24. The radiation source as claimed in claim 23, wherein the substance has phosphorus particles.

25. The radiation source as claimed in claim 21, wherein a converging lens (52) whose diameter is, in particular, larger than the diameter of a cover lens (40) is arranged in the beam path downstream of the cover lens (40).

26. The radiation source as claimed in claim 21, wherein a reflector (50) is arranged at a distance from the LED chips in front of the latter, that is to say downstream of the latter in the beam path, and/or is also arranged, in particular, downstream of a cover lens (40) in the beam path.

27. The radiation source as claimed in claim 26, wherein a light guide is arranged in the beam path downstream of the reflector (50).

28. The radiation source as claimed in claim 1, wherein series resistors (84) which can be adjusted, in particular, and are freely accessible for adjustment are arranged on the printed circuit board (46) outside the spacer (42).

29. The radiation source as claimed in claim 1, wherein the first LED chip (12) and the further LED chips (14, 16, 18, 20) emit light at different wavelengths, in particular at 400 to 430 nm, on the one hand, and at 450 to 480 nm, on the other hand.

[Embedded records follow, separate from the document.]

(* Let $\mathcal A$ be a unital $A_\infty$-category with unit transformation $\mathbf i^{\mathcal A}$ and let $f:\mathcal A\to\mathcal B$ be an $A_\infty$-functor. The following are equivalent: (C6) for all $X,Y\in\mathrm{Ob}\,\mathcal A$ the chain map $f_1:(s\mathcal A(X,Y),b_1)\to(s\mathcal B(Xf,Yf),b_1)$ is homotopic to $0$; (C7) for every $X\in\mathrm{Ob}\,\mathcal A$ the chain map $f_1:(s\mathcal A(X,X),b_1)\to(s\mathcal B(Xf,Xf),b_1)$ is homotopic to $0$; (C8) for every $X\in\mathrm{Ob}\,\mathcal A$ the induced map $H^\bullet(f_1):H^\bullet(s\mathcal A(X,X),b_1)\to H^\bullet(s\mathcal B(Xf,Xf),b_1)$ is zero; (C9) for every $X\in\mathrm{Ob}\,\mathcal A$ there is ${}_Xw\in(s\mathcal B)^{-2}(Xf,Xf)$ with ${}_X\mathbf i^{\mathcal A}_0f_1={}_Xw\,b_1$.
   Context: Conventions: $\Bbbk$ commutative ring, $\otimes=\otimes_\Bbbk$ with Koszul signs, maps written on the right. $s$ denotes suspension and $T^ns\mathcal A(X,Y)=\bigoplus s\mathcal A(X,X_1)\otimes\cdots\otimes s\mathcal A(X_{n-1},Y)$. An $A_\infty$-category has degree 1 maps $b_n:T^ns\mathcal A\to s\mathcal A$ with $\sum(1^{\otimes r}\otimes b_n\otimes1^{\otimes t})b_{r+1+t}=0$; an $A_\infty$-functor $f$ has an object map and degree 0 components $f_n$ ($n\ge1$) with $\sum(f_{i_1}\otimes\cdots\otimes f_{i_l})b_l=\sum(1^{\otimes r}\otimes b_n\otimes1^{\otimes t})f_{r+1+t}$. Natural $A_\infty$-transformations, equivalence $\equiv$ and $(r\otimes p)B_2$ are as usual: a natural transformation $r:f\to g$ is a family $r_n:T^ns\mathcal A(X_0,X_n)\to s\mathcal B(X_0f,X_ng)$ ($n\ge0$) of degree $-1$ with $\sum(f_{i_\bullet}\otimes\cdots\otimes r_k\otimes g_{j_\bullet}\otimes\cdots)b_{q+1+t}+\sum(1^{\otimes q}\otimes b_m\otimes1^{\otimes t})r_{q+1+t}=0$; $(r\otimes p)B_2$ has components $\sum(f_{a_\bullet}\otimes\cdots\otimes r_j\otimes g_{c_\bullet}\otimes\cdots\otimes p_t\otimes h_{e_\bullet}\otimes\cdots)b_{\alpha+\beta+\gamma+2}$; $r\equiv p$ if $r-p=[v,b]$ for a degree $-2$ family $v$. A unit transformation of $\mathcal A$ is a natural $\mathbf i^{\mathcal A}:\mathrm{id}_{\mathcal A}\to\mathrm{id}_{\mathcal A}$ with $(\mathbf i^{\mathcal A}\otimes\mathbf i^{\mathcal A})B_2\equiv\mathbf i^{\mathcal A}$ such that the chain maps $(1\otimes{}_Y\mathbf i^{\mathcal A}_0)b_2$ and $({}_X\mathbf i^{\mathcal A}_0\otimes1)b_2$ of $(s\mathcal A(X,Y),b_1)$ are homotopy invertible for all $X,Y$, where ${}_X\mathbf i^{\mathcal A}_0\in(s\mathcal A)^{-1}(X,X)$ is the image of $1$; $\mathcal A$ is unital if it has one. *)

From HB Require Import structures.
From mathcomp Require Import all_boot all_order all_algebra.
Set Implicit Arguments. Unset Strict Implicit. Unset Printing Implicit Defensive.
Import Order.TTheory GRing.Theory Num.Theory.
Local Open Scope ring_scope.

Definition sgn (R : pzRingType) (k : int) : R := (-1) ^+ `|k|%N.

Section Paths.
Variable R : comPzRingType.
Variable Ob : Type.
(* H X Y k = (s H(X,Y))^k, the degree-k part of the suspended hom-module *)
Variable H : Ob -> Ob -> int -> lmodType R.

(* A homogeneous elementary tensor x1 (x) ... (x) xn of
   T^n sH(X,Y) = (+) sH(X,X1) (x) ... (x) sH(X_{n-1},Y). *)
Inductive path : Ob -> Ob -> Type :=
| pnil (X : Ob) : path X X
| pcons (X Y Z : Ob) (k : int) (x : H X Y k) (p : path Y Z) : path X Z.

Fixpoint plen X Y (p : path X Y) : nat :=
  match p with pnil _ => 0%N | pcons _ _ _ _ _ p' => (plen p').+1 end.

Fixpoint pdeg X Y (p : path X Y) : int :=
  match p with pnil _ => 0 | pcons _ _ _ k _ p' => k + pdeg p' end.

Fixpoint pcat X Y Z (p : path X Y) : path Y Z -> path X Z :=
  match p in path X' Y' return path Y' Z -> path X' Z with
  | pnil _ => fun q => q
  | pcons _ _ _ _ x p' => fun q => pcons x (pcat p' q)
  end.

Fixpoint splits2 X Z (p : path X Z) : seq {Y : Ob & (path X Y * path Y Z)%type} :=
  match p in path X Z return seq {Y : Ob & (path X Y * path Y Z)%type} with
  | pnil X => [:: existT _ X (pnil X, pnil X)]
  | pcons X Y Z k x p' =>
      existT _ X (pnil X, pcons x p') ::
      [seq existT (fun W => (path X W * path W Z)%type) (projT1 s)
             (pcons x (projT2 s).1, (projT2 s).2) | s <- splits2 p']
  end.

Definition splits3 X Z (p : path X Z) :
  seq {Y1 : Ob & {Y2 : Ob & (path X Y1 * path Y1 Y2 * path Y2 Z)%type}} :=
  flatten [seq [seq existT
                  (fun Y1 => {Y2 : Ob & (path X Y1 * path Y1 Y2 * path Y2 Z)%type})
                  (projT1 s)
                  (existT (fun Y2 => (path X (projT1 s) * path (projT1 s) Y2 * path Y2 Z)%type)
                     (projT1 t) ((projT2 s).1, (projT2 t).1, (projT2 t).2))
               | t <- splits2 (projT2 s).2] | s <- splits2 p].

Definition sum3 (V : zmodType) X Z (p : path X Z)
  (G : forall Y1 Y2, path X Y1 -> path Y1 Y2 -> path Y2 Z -> V) : V :=
  \sum_(s <- splits3 p)
     G (projT1 s) (projT1 (projT2 s)) (projT2 (projT2 s)).1.1
       (projT2 (projT2 s)).1.2 (projT2 (projT2 s)).2.

(* decompositions of a tensor into consecutive nonempty blocks *)
Inductive bpath : Ob -> Ob -> Type :=
| bnil (X : Ob) : bpath X X
| bcons (X Y Z : Ob) (q : path X Y) (rest : bpath Y Z) : bpath X Z.

Definition bmerge X Y Z k (x : H X Y k) (D : bpath Y Z) : seq (bpath X Z) :=
  match D in bpath Y' Z' return H X Y' k -> seq (bpath X Z') with
  | bnil _ => fun _ => [::]
  | bcons _ _ _ q rest => fun x => [:: bcons (pcons x q) rest]
  end x.

Fixpoint decomps X Z (p : path X Z) : seq (bpath X Z) :=
  match p in path X Z return seq (bpath X Z) with
  | pnil X => [:: bnil X]
  | pcons X Y Z k x p' =>
      flatten [seq bcons (pcons x (pnil Y)) D :: bmerge x D | D <- decomps p']
  end.

(* A family of maps T^n sH -> K, encoded by components: F p d is the
   degree-d component of the image of the homogeneous tensor p. *)
Definition graded (K : Ob -> Ob -> int -> lmodType R)
  (F : forall X Y, path X Y -> forall d, K X Y d) (s : int) : Prop :=
  forall X Y (p : path X Y) d, d != pdeg p + s -> F X Y p d = 0.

30. The radiation source as claimed in claim 1, wherein the first chip (12) and the further chips (14, 16, 18, 20) can be switched on and off at the same time or at different times.

31. The radiation source as claimed in claim 1, wherein the first LED chip (12) emits light at 400 to 430 nm and the further LED chips (14, 16, 18, 20) emit light at 450 to 480 nm.

32. The light curing device as claimed in claim 1 wherein the light curing device has a housing (54) on which the converging lens (52) is supported.